No. XXXVII. THURSDAY, APRIL 12.

..Non illa colo calathisve Minervæ

Fœmineas assueta manus

VIRG.

Unbred to spinning, in the loom unskill'd. DRYDEN.

SOME months ago, my friend Sir Roger, being in the country, enclosed a letter to me, directed to a certain lady whom I shall here call by the name of Leonora, and as it contained matters of consequence, desired me to deliver it to her with my own hand. Accordingly I waited upon her ladyship pretty early in the morning, and was desired by her woman to walk into her lady's library, till such time as she was in a readiness to receive me. The very sound of a lady's library gave me a great curiosity to see it; and as it was some time before the lady came, I had an opportunity of turning over a great many of her books, which were ranged together in a beautiful order. At the end of the folios, which were finely bound and

gilt, were great jars of China, placed one above another in a very noble piece of architecture. The Quartos, were separated from the Octavos, by a pile of smaller vessels, which rose in a delightful pyramid. The Octavos were bounded by tea-dishes of all shapes, colours and sizes, which were so disposed on a wooden frame, that they looked like one continued pillar indented with the finest strokes of sculpture, and stained with the greatest variety of dyes. That part of the library which was designed for the reception of plays and pamphlets, and other loose papers, was inclosed in a kind of square, consisting of one of the prettiest grotesque works that ever I saw, and made up of scaramouches, lions, monkies, mandarines, trees, shells, and a thousand other odd figures in ChinaWare. In the midst of the room was a little Japann'd table, with a quire of gilt paper upon it, and on the paper a silver snuff-box made in the shape of a little book.

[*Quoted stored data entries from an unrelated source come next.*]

(* Let $r\geq1$, let $\mathbf a=(a_1,\ldots,a_r)$ be positive integers, let $D$ be a positive common multiple of $a_1,\ldots,a_r$, and let $j\geq 1$ be an integer dividing $a_i$ for some $1\leq i\leq r$; put $\rho_j=e^{2\pi i/j}$. Then for all $n\ge 0$, $$ W_{j}(n,\mathbf a) = \frac{\rho_j^{-n}}{D(r-1)!} \sum_{m=1}^r \sum_{\ell=1}^{j} \rho_j^{\ell} \sum_{k=m-1}^{r-1} s(r,k)\, (-1)^{k-m+1} \binom{k}{m-1} \sum_{\substack{0\leq j_1\leq \frac{D}{a_1}-1,\ldots, 0\leq j_r\leq \frac{D}{a_r}-1 \\ a_1j_1+\cdots+a_rj_r \equiv \ell \pmod j}} D^{-k} (a_1j_1+\cdots+a_rj_r)^{k-m+1}\, n^{m-1}.$$
   Context: $p_{\mathbf a}(n)$ is the number of integer solutions $(x_1,\ldots,x_r)$ of $a_1x_1+\cdots+a_rx_r=n$ with all $x_i\geq 0$. There are unique polynomials $P_\lambda$, indexed by the $D$-th roots of unity $\lambda$, with $p_{\mathbf a}(n)=\sum_{\lambda^D=1}P_\lambda(n)\lambda^{-n}$ for all $n\geq 0$; the Sylvester wave is $W_j(n,\mathbf a)=P_{\rho_j}(n)\rho_j^{-n}$. Here $s(r,k)$ denotes the coefficient of $x^k$ in $(x+1)(x+2)\cdots(x+r-1)$ (i.e. the unsigned Stirling number of the first kind $\left[{r\atop k+1}\right]$), the inner sum is over integer tuples, and $0^0=1$. *)

From HB Require Import structures.
From mathcomp Require Import all_boot all_order all_algebra.
From mathcomp Require Import complex.
From mathcomp Require Import reals trigo.
Set Implicit Arguments. Unset Strict Implicit. Unset Printing Implicit Defensive.
Import Order.TTheory GRing.Theory Num.Theory.
Local Open Scope ring_scope.

(* p_a(n): number of (x_1..x_r) in N^r with a_1 x_1 + ... + a_r x_r = n.
   Since every a_i >= 1, each x_i <= n, so we count tuples with x_i in [0,n]. *)
Definition p_count (r : nat) (a : 'I_r -> nat) (n : nat) : nat :=
  #|[set x : {ffun 'I_r -> 'I_n.+1} | (\sum_(i < r) a i * x i)%N == n]|.

Definition stir (r k : nat) : int :=
  (\prod_(1 <= t < r) ('X + (t%:R)%:P : {poly int})) `_ k.

Definition rho (R : realType) (j : nat) : R[i] :=
  (cos (2 * pi / j%:R) +i* sin (2 * pi / j%:R))%C.

From HB Require Import structures.
From mathcomp Require Import all_boot all_order all_algebra.
From mathcomp Require Import complex.
From mathcomp Require Import reals trigo.
From mathcomp Require Import ring lra.
Import Order.TTheory GRing.Theory Num.Theory.
Local Open Scope ring_scope.

(* p_a(n) is the coefficient of X^n in prod_i 1/(1 - X^(a_i)), which equals
   (prod_i sum_(t < D/a_i) X^(a_i t)) / (1 - X^D)^r.  Expanding the numerator
   over the box 0 <= j_i < D/a_i gives, with A_j = sum_i a_i j_i,
     p_a(n) = sum_j [D | n - A_j] C((n - A_j)/D + r - 1, r - 1).
   The indicator is (1/D) sum_(lambda^D = 1) lambda^(A_j) lambda^(-n), and the
   binomial is prod_(t = 1)^(r-1) ((n - A_j)/D + t) / (r-1)!, a polynomial in n
   which also vanishes when n < A_j and D | n - A_j, since then (n - A_j)/D lies
   in [-(r-1), -1] because A_j < rD.  This writes p_a(n) as
   sum_lambda F_lambda(n) lambda^(-n) with explicit polynomials F_lambda, and such
   representations are unique (a difference-operator argument on the distinct
   bases lambda^(-1)), so P_lambda = F_lambda.  For lambda = rho_j, lambda^(A_j)
   only depends on A_j mod j, and expanding the product through the Stirling
   numbers s(r, k) and each ((n - A_j)/D)^k binomially gives the formula. *)

Section RootsOfUnity.
Variable R : realType.

Definition cis (x : R) : R[i] := (cos x +i* sin x)%C.

Lemma cisD x y : cis x * cis y = cis (x + y).
Proof. by rewrite /cis cosD sinD; simpc; congr (_ +i* _)%C; ring. Qed.

Lemma cisX x k : cis x ^+ k = cis (k%:R * x).
Proof.
elim: k => [|k IHk]; first by rewrite expr0 mul0r /cis cos0 sin0.
by rewrite exprS IHk cisD mulrSr mulrDl mul1r addrC.
Qed.

Lemma cis_neq1 x : 0 < x < pi *+ 2 -> cis x != 1.
Proof.
move=> /andP[x_gt0 x_lt2pi]; apply/negP => /eqP[cos_x1 _].
have sin_gt0 : 0 < sin (x / 2).
  by apply: sin_gt0_pi; rewrite divr_gt0 //= ltr_pdivrMr // mulr_natr.
have halfK : x / 2 *+ 2 = x by rewrite -mulr_natr divfK ?pnatr_eq0.
have := cos_mulr2n (x / 2); rewrite halfK cos_x1 cos2sin2.
nra.
Qed.

Lemma rhoE n : rho R n = cis (2 * pi / n%:R).
Proof. by []. Qed.

Lemma rho_primitive {n : nat} : (0 < n)%N -> n.-primitive_root (rho R n).
Proof.
move=> n_gt0; apply/andP; split => //; apply/forallP => i.
rewrite unity_rootE rhoE cisX.
have n_neq0 : (n%:R : R) != 0 by rewrite pnatr_eq0 -lt0n.
have -> : i.+1%:R * (2 * pi / n%:R) = pi *+ 2 * (i.+1%:R / n%:R) :> R.
  by rewrite -mulr_natr; field.
case: (ltngtP i.+1 n) => [lt_in||->].
- have pi2_gt0 : 0 < pi *+ 2 :> R by rewrite mulrn_wgt0 ?pi_gt0.
  rewrite eqbF_neg; apply: cis_neq1.
  rewrite mulr_gt0 ?divr_gt0 ?ltr0n //= -[ltRHS]mulr1 ltr_pM2l //.
  by rewrite ltr_pdivrMr ?ltr0n // mul1r ltr_nat.
- by rewrite ltnNge ltn_ord.
- by rewrite divff // mulr1 /cis cos2pi sin2pi eqxx.
Qed.
(* Let $\psi_0=1$, $\psi_j(x)=\sqrt2\cos(\pi jx)$ for $j\ge1$, let $\gamma>1/2$, $C>0$, and let $X$ have density $p=1+\sum_{j\ge1}\beta_j\psi_j\in\mathcal P(\gamma,C)$ on $[0,1]$. For $k\ge1$ let $m_k=\lfloor k^{1/(2\gamma+1)}\rfloor$, let $\Sigma_k$ be the covariance matrix of the random vector $(\psi_1(X),\dots,\psi_{m_k}(X))^T$, and let $\lambda_k$ be the largest eigenvalue of $\Sigma_k$. Then $\limsup_{k\to\infty}\lambda_k<\infty$.
   Context: Sobolev class: for $\gamma>1/2$, $C>0$, $\mathcal B(\gamma,C)=\{\beta=(\beta_1,\beta_2,\dots):\sum_{j\ge1}\beta_j^2j^{2\gamma}\le C^2\}$ and $\mathcal P(\gamma,C)=\{p=1+\sum_{j\ge1}\beta_j\psi_j:\beta\in\mathcal B(\gamma,C)\}$ (densities on $[0,1]$). *)

From Stdlib Require Import Reals Lra Lia ZArith ClassicalEpsilon.
Open Scope R_scope.

Fixpoint sumR (n : nat) (f : nat -> R) : R :=
  match n with O => 0 | S n' => sumR n' f + f n' end.

Definition psi (j : nat) (x : R) : R :=
  match j with O => 1 | _ => sqrt 2 * cos (PI * INR j * x) end.

(* Riemann integral over [0,1] (0 if not Riemann integrable; the value does
   not depend on the chosen integrability witness) *)
Definition Int01 (f : R -> R) : R :=
  match excluded_middle_informative (exists pr : Riemann_integrable f 0 1, True) with
  | left h => RiemannInt (proj1_sig (constructive_indefinite_description _ h))
  | right _ => 0
  end.

Definition Expect (p : R -> R) (g : R -> R) : R := Int01 (fun x => g x * p x).

(* covariance matrix of (psi_1(X), ..., psi_m(X)); indices i, j < m,
   entry (i,j) = Cov(psi_{i+1}(X), psi_{j+1}(X)) *)
Definition covmat (p : R -> R) (i j : nat) : R :=
  Expect p (fun x => psi (S i) x * psi (S j) x)
  - Expect p (psi (S i)) * Expect p (psi (S j)).
(* Let $T$ be an invertible operator in $\mathcal D(\mathcal P_n)$. Then $$K_h(T)=\varrho[T\phi_n]=d_h\bigl(Z(\phi_n),Z(T\phi_n)\bigr).$$
   Context: Let $n\ge 1$ be an integer and $\mathcal P_n$ the complex vector space of polynomials in one complex variable of degree at most $n$; $\phi_k(z)=z^k/k!$. $D$ is differentiation on $\mathcal P_n$, $I$ the identity, and $\mathcal D(\mathcal P_n)$ the linear span of $I,D,\dots,D^n$. For a nonzero $f$, $Z(f)$ is the multiset of roots of $f$ (with multiplicity; empty for nonzero constants); $Z(0)=\mathbb C$. For nonconstant $f$, the root radius is $\varrho[f]=\max\{|u|:u\in Z(f)\}$. For finite nonempty $A,B\subset\mathbb C$, $d_h(A,B)=\max_{y\in B}\min_{x\in A}|x-y|$, with conventions $d_h(\emptyset,\emptyset)=0$, $d_h(A,\emptyset)=d_h(\emptyset,A)=+\infty$ for $A\ne\emptyset$, and $d_h(A,B)=0$ if one of $A,B$ equals $\mathbb C$ and the other is nonempty. $K_h(T)=\sup_{f\in\mathcal P_n}d_h(Z(f),Z(Tf))$. *)

From HB Require Import structures.
From mathcomp Require Import all_boot all_order all_algebra.
From mathcomp Require Import complex.
From mathcomp Require Import boolp classical_sets reals ereal.
Set Implicit Arguments. Unset Strict Implicit. Unset Printing Implicit Defensive.
Import Order.TTheory GRing.Theory Num.Theory.
Local Open Scope ring_scope.
Local Open Scope classical_set_scope.

Section Defs.
Variable R : realType.
Local Notation C := R[i].

Definition cnorm (z : C) : R := Normc.normc z.

Definition Pn (n : nat) : set {poly C} := [set f | (size f <= n.+1)%N].

Definition phi (k : nat) : {poly C} := (k`!%:R)^-1 *: 'X^k.

Definition diffop (n : nat) (a : 'I_n.+1 -> C) (f : {poly C}) : {poly C} :=
  \sum_(k < n.+1) a k *: f^`(k).

Definition invertible_on (n : nat) (T : {poly C} -> {poly C}) : Prop :=
  (forall f, Pn n f -> Pn n (T f)) /\
  (forall f g, Pn n f -> Pn n g -> T f = T g -> f = g) /\
  (forall g, Pn n g -> exists2 f, Pn n f & T f = g).

(* Z(f): the set of roots of f (multiplicities irrelevant for d_h); Z(0) = C *)
Definition Z (f : {poly C}) : set C :=
  if f == 0 then setT else [set x | root f x].

Definition d_h (A B : set C) : \bar R :=
  if `[< A = set0 >] then (if `[< B = set0 >] then 0%E else +oo%E)
  else if `[< B = set0 >] then +oo%E
  else if `[< A = setT \/ B = setT >] then 0%E
  else ereal_sup [set ereal_inf [set (cnorm (x - y))%:E | x in A] | y in B].

Definition K_h (n : nat) (T : {poly C} -> {poly C}) : \bar R :=
  ereal_sup [set d_h (Z f) (Z (T f)) | f in Pn n].

(* root radius rho[f] = max { |u| : u in Z(f) } (used for nonconstant f) *)
Definition rho (f : {poly C}) : R := sup [set cnorm u | u in Z f].

End Defs.

(* Put q := T phi_n and B(q, g) := sum_k (n - k)! k! q_(n-k) g_k, the apolar form.
   Expanding f(X + y) in Taylor coefficients gives B(q, f(X + y)) = (T f)(y).
   A Grace-type theorem says that B(q, g) <> 0 when the roots of q lie in the
   closed disc of radius rho[q] and those of g <> 0 (of degree <= n) lie outside
   it. It goes by induction on n: splitting off a root z of q turns g into its
   polar derivative n g - (X + z) g', and Laguerre's theorem keeps the roots of
   the polar derivative outside the disc. Hence every root y of T f is within
   rho[q] of a root of f, i.e. K_h(T) <= rho[q], and f = phi_n, whose only root
   is 0, attains the bound. *)

From HB Require Import structures.
From mathcomp Require Import all_boot all_order all_algebra.
From mathcomp Require Import complex.
From mathcomp Require Import boolp classical_sets reals ereal.
From mathcomp Require Import ring lra.
Import Order.TTheory GRing.Theory Num.Theory.
Local Open Scope ring_scope.

Set Implicit Arguments.
Unset Strict Implicit.
Unset Printing Implicit Defensive.

Section SumSquares.
Variable R : realDomainType.

Lemma sqr_sum_le (s : seq R) :
  (\sum_(x <- s) x) ^+ 2 <= (size s)%:R * \sum_(x <- s) x ^+ 2.
Proof.
elim: s => [|x s IH]; first by rewrite !big_nil expr0n mul0r.
rewrite !big_cons /= -natr1.
set A := \sum_(y <- s) y in IH *; set Q := \sum_(y <- s) y ^+ 2 in IH *.
set m := (size s)%:R in IH *.
have Q0 : 0 <= Q by rewrite sumr_ge0 // => y _; exact: sqr_ge0.
suff cross : 2 * x * A <= m * x ^+ 2 + Q by nra.
have [m0|m_gt0] := eqVneq m 0.
  have A0 : A = 0 by apply/eqP; rewrite -sqrf_eq0 eq_le sqr_ge0 andbT -(mul0r Q) -m0.
  by rewrite A0 m0; nra.
have {m_gt0}m_gt0 : 0 < m by rewrite lt_def m_gt0 ler0n.
rewrite -(ler_pM2l m_gt0); have := sqr_ge0 (m * x - A); nra.
Qed.

End SumSquares.

Section SquaredModulus.
Variable R : rcfType.
Local Notation C := R[i].
Local Notation normc := (@Normc.normc R).
Local Notation Re := (@complex.Re R).
Local Notation Im := (@complex.Im R).
Implicit Types (z w : C) (r : R).

Definition sqnormc z : R := Re z ^+ 2 + Im z ^+ 2.

Lemma sqnormc_ge0 z : 0 <= sqnormc z.
Proof. by rewrite addr_ge0 ?sqr_ge0. Qed.

Lemma normc_sqrt z : normc z = Num.sqrt (sqnormc z).
Proof. by case: z. Qed.

Lemma normc_ge0 z : 0 <= normc z.
Proof. by rewrite normc_sqrt sqrtr_ge0. Qed.

Lemma sqnormcM z w : sqnormc (z * w) = sqnormc z * sqnormc w.
Proof. by case: z w => a b [c d]; rewrite /sqnormc /=; ring. Qed.

Lemma sqnormc_eq0 z : (sqnormc z == 0) = (z == 0).
Proof.
case: z => a b; rewrite /sqnormc eq_complex /=.
apply/eqP/andP => [h|[/eqP-> /eqP->]]; last by rewrite expr0n /= addr0.
by split; apply/eqP; nra.
Qed.

Lemma normc_le z r : 0 <= r -> (normc z <= r) = (sqnormc z <= r ^+ 2).
Proof.
move=> r0; rewrite normc_sqrt -(ler_pXn2r (_ : 0 < 2)%N) ?nnegrE ?sqrtr_ge0 //.
by rewrite sqr_sqrtr // sqnormc_ge0.
Qed.

Lemma normc_gt z r : 0 <= r -> (r < normc z) = (r ^+ 2 < sqnormc z).
Proof. by move=> r0; rewrite !ltNge normc_le. Qed.

Lemma sqnormcB_real z r : sqnormc (z - r%:C)%C = sqnormc z - 2 * r * Re z + r ^+ 2.
Proof. by case: z => a b; rewrite /sqnormc /=; ring. Qed.

Lemma ReD z w : Re (z + w) = Re z + Re w. Proof. by case: z w => ? ? []. Qed.
Lemma ImD z w : Im (z + w) = Im z + Im w. Proof. by case: z w => ? ? []. Qed.

Lemma sqnormc_sum_le (ws : seq C) :
  sqnormc (\sum_(w <- ws) w) <= (size ws)%:R * \sum_(w <- ws) sqnormc w.
Proof.
rewrite /sqnormc (big_morph _ ReD (erefl : Re 0 = 0)) (big_morph _ ImD (erefl : Im 0 = 0)).
have := sqr_sum_le [seq Re w | w <- ws]; have := sqr_sum_le [seq Im w | w <- ws].
rewrite !big_map !size_map big_split mulrDr => hIm hRe; exact: lerD.
Qed.

End SquaredModulus.

Section ApolarForm.
Variable F : comNzRingType.
Implicit Types (q g : {poly F}) (z : F).

Definition polar_deriv (N : nat) z g : {poly F} := N%:R *: g - ('X - z%:P) * g^`().

Definition apolar (n : nat) q g : F :=
  \sum_(k < n.+1) ((n - k)`! * k`!)%:R * (q`_(n - k) * g`_k).

Lemma coef_polar_deriv N z g k :
  (polar_deriv N z g)`_k = (N%:R - k%:R) * g`_k + z * g`_k.+1 *+ k.+1.
Proof.
have coefXD : ('X * g^`())`_k = g`_k *+ k.
  by rewrite coefXM; case: k => //= k; rewrite coef_deriv.
rewrite coefB coefZ mulrBl coefB coefXD coefCM coef_deriv.
by rewrite mulrBl mulr_natl mulrnAr opprB addrA addrAC.
Qed.

Lemma size_polar_deriv N z g : (size g <= N.+1)%N -> (size (polar_deriv N z g) <= N)%N.
Proof.
move=> /leq_sizeP g_hi; apply/leq_sizeP => k k_ge.
rewrite coef_polar_deriv (g_hi k.+1) // mulr0 mul0rn addr0.
have [->|k_ne] := eqVneq k N; first by rewrite subrr mul0r.
by rewrite g_hi ?mulr0 // ltn_neqAle eq_sym k_ne k_ge.
Qed.

(* Since [(q * ('X - z%:P))`_j = q`_j.-1 - z * q`_j], shifting the index of the
   first part of the sum turns the weights into those of [polar_deriv]. *)
Lemma apolar_mulXsubC n q g z : (size q <= n.+1)%N ->
  apolar n.+1 (q * ('X - z%:P)) g = apolar n q (polar_deriv n.+1 (- z) g).
Proof.
move=> size_q.
have q_hi : q`_n.+1 = 0 by apply/(leq_sizeP _ _ size_q).
rewrite /apolar.
have expandL (k : 'I_n.+2) :
   ((n.+1 - k)`! * k`!)%:R * ((q * ('X - z%:P))`_(n.+1 - k) * g`_k) =
   ((n.+1 - k)`! * k`!)%:R * ((if (n.+1 - k == 0)%N then 0 else q`_(n.+1 - k).-1) * g`_k)
   - z * (((n.+1 - k)`! * k`!)%:R * (q`_(n.+1 - k) * g`_k)).
  rewrite mulrBr coefB coefMX coefMC.
  by move: (if _ then _ else _) (_ %:R) => a c; ring.
rewrite (eq_bigr _ (fun k _ => expandL k)) sumrB -mulr_sumr.
rewrite big_ord_recr /= subnn eqxx mul0r mulr0 addr0.
rewrite [X in _ - z * X]big_ord_recl /= subn0 q_hi mul0r mulr0 add0r.
have expandR (k : 'I_n.+1) :
  ((n - k)`! * k`!)%:R * (q`_(n - k) * (polar_deriv n.+1 (- z) g)`_k) =
  ((n.+1 - k)`! * k`!)%:R * ((if (n.+1 - k == 0)%N then 0 else q`_(n.+1 - k).-1) * g`_k)
  - z * (((n.+1 - bump 0 k)`! * (bump 0 k)`!)%:R * (q`_(n.+1 - bump 0 k) * g`_(bump 0 k))).
  have n_k : (n.+1 - k = (n - k).+1)%N by rewrite subSn // -ltnS.
  have n_k' : n.+1%:R - k%:R = (n - k).+1%:R :> F by rewrite -n_k natrB // ltnW.
  by rewrite /bump add1n subSS coef_polar_deriv n_k' n_k /= !factS !natrM; ring.
by rewrite (eq_bigr _ (fun k _ => expandR k)) sumrB -mulr_sumr.
Qed.

End ApolarForm.

Lemma deriv_prod_XsubC (F : fieldType) (rs : seq F) (s : F) : s \notin rs ->
  (\prod_(z <- rs) ('X - z%:P))^`().[s] =
  (\prod_(z <- rs) ('X - z%:P)).[s] * \sum_(z <- rs) (s - z)^-1.
Proof.
elim: rs => [|z rs IH]; first by rewrite !big_nil derivC !hornerC mulr0.
rewrite in_cons negb_or => /andP[sz srs].
rewrite !big_cons derivM derivXsubC mul1r !hornerE IH //.
by field; rewrite subr_eq0.
Qed.

Section PolarDerivative.
Variable R : rcfType.
Local Notation C := R[i].
Local Notation normc := (@Normc.normc R).
Local Notation Re := (@complex.Re R).

(* For [w = (s - u)^-1] this describes the image of the exterior of the disc
   of radius [rho] under [u |-> (s - u)^-1]. *)
Lemma inv_sub_ineq (s u w : C) (rho : R) :
  w * (s - u) = 1 -> rho ^+ 2 < sqnormc u ->
  (rho ^+ 2 - sqnormc s) * sqnormc w + 2 * Re (s * w) < 1.
Proof.
move=> hw hu.
have w0 : w != 0 by apply: contra_eqN hw => /eqP->; rewrite mul0r eq_sym oner_eq0.
have w_gt0 : 0 < sqnormc w by rewrite lt_def sqnormc_eq0 w0 sqnormc_ge0.
have uw : u * w = s * w - (1%:C)%C by rewrite (_ : (1%:C)%C = 1) // -hw; ring.
have : sqnormc u * sqnormc w = sqnormc s * sqnormc w - 2 * Re (s * w) + 1.
  by rewrite -sqnormcM uw sqnormcB_real sqnormcM expr1n mulr1.
have : rho ^+ 2 * sqnormc w < sqnormc u * sqnormc w by rewrite ltr_pM2r.
nra.
Qed.

Lemma sum_inv_sub_lt (us : seq C) (s : C) (rho : R) : us != [::] ->
  (forall u, u \in us -> rho < normc u) -> normc s <= rho ->
  (rho ^+ 2 - sqnormc s) * \sum_(u <- us) sqnormc (s - u)^-1
    + 2 * Re (s * \sum_(u <- us) (s - u)^-1) < (size us)%:R.
Proof.
move=> us_ne us_out s_in; have rho0 : 0 <= rho := le_trans (normc_ge0 s) s_in.
rewrite !mulr_sumr (big_morph _ (@ReD R) (erefl : Re 0 = 0)) mulr_sumr -big_split.
rewrite -sum1_size natr_sum big_seq [X in _ < X]big_seq /=.
apply: ltr_sum => [|u u_us]; first by case: (us) us_ne => // u ? _; rewrite /= mem_head.
have u_out := us_out u u_us.
apply: (inv_sub_ineq (u := u)); last by rewrite -normc_gt.
by rewrite mulVf // subr_eq0; apply: contraTneq u_out => <-; rewrite -leNgt.
Qed.

(* Laguerre's argument: averaging [inv_sub_ineq] over the [u] (the average is
   controlled by Cauchy-Schwarz) shows that [(s - p) * sum = N] would force [p]
   out of the disc. *)
Lemma sum_inv_sub_neq (us : seq C) (N : nat) (s p : C) (rho : R) :
  (0 < N)%N -> (size us <= N)%N -> (forall u, u \in us -> rho < normc u) ->
  normc p <= rho -> normc s <= rho ->
  (s - p) * \sum_(u <- us) (s - u)^-1 != N%:R.
Proof.
move=> N_gt0 us_le us_out p_in s_in; apply/eqP => hS.
have rho0 : 0 <= rho := le_trans (normc_ge0 s) s_in.
have [us0|us_ne] := eqVneq us [::].
  by move/eqP: hS; rewrite us0 big_nil mulr0 eq_sym pnatr_eq0 eqn0Ngt N_gt0.
have sum_lt := sum_inv_sub_lt us_ne us_out s_in.
have cs := sqnormc_sum_le [seq (s - u)^-1 | u <- us]; rewrite !big_map size_map in cs.
set S := \sum_(u <- us) (s - u)^-1 in hS sum_lt cs.
set Q := \sum_(u <- us) sqnormc (s - u)^-1 in sum_lt cs.
have Q0 : 0 <= Q by rewrite sumr_ge0 // => *; exact: sqnormc_ge0.
have al0 : 0 <= rho ^+ 2 - sqnormc s by rewrite subr_ge0 -normc_le.
have pS : p * S = s * S - ((N%:R : R)%:C)%C by rewrite rmorph_nat -hS; ring.
have : sqnormc (p * S) <= rho ^+ 2 * sqnormc S.
  by rewrite sqnormcM ler_wpM2r ?sqnormc_ge0 // -normc_le.
rewrite pS sqnormcB_real sqnormcM => pS_le.
have m_le : (size us)%:R <= N%:R :> R by rewrite ler_nat.
have N_gt0' : 0 < N%:R :> R by rewrite ltr0n.
set al := rho ^+ 2 - sqnormc s in al0 sum_lt pS_le.
set m := (size us)%:R in sum_lt cs m_le.
set M := N%:R in m_le N_gt0' pS_le.
have h2 : al * sqnormc S <= al * (m * Q) by rewrite ler_wpM2l.
have h3 : al * (m * Q) <= al * (M * Q) by rewrite ler_wpM2l // ler_wpM2r.
have h4 : M * (al * Q + 2 * Re (s * S)) < M * m by rewrite ltr_pM2l.
have h5 : M * m <= M * M by rewrite ler_wpM2l // ltW.
by rewrite /al in h2 h3 h4; nra.
Qed.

I found there were several other counterfeit books upon the upper shelves, which were carved in wood, and served only to fill up the number like faggots in the muster of a regiment. I was wonderfully pleased with such a mixed kind of furniture, as seemed very suitable both to the lady and the scholar, and did not know at first whether I should fancy myself in a grotto, or in a library.

Upon my looking into the books, I found there were some few which the lady had bought for her own use, but that most of them had been got together either because she had heard them praised, or because she had seen the authors of them. Among several that I examined, I very well remember these that follow:

Ogilby's Virgil.
Dryden's Juvenal.
Cassandra.

Cleopatra.

Astræa.

Sir Isaac Newton's Works.

The Grand Cyrus; with a pin stuck in one of the middle leaves.

Pembroke's Arcadia.

Locke on Human Understanding; with a paper of patches in it.

A Spelling Book.

A Dictionary for the Explanation of hard Words. Sherlock upon Death.

The Fifteen Comforts of Matrimony.

Sir William Temple's Essays.

Father Malebranche's Search after Truth, translated into English.

A Book of Novels.

The Academy of Compliments.

Culpepper's Midwifery.

The Ladies Calling.

Tales in Verse, by Mr. Durfey: bound in red leather, gilt on the back, and doubled down in several places.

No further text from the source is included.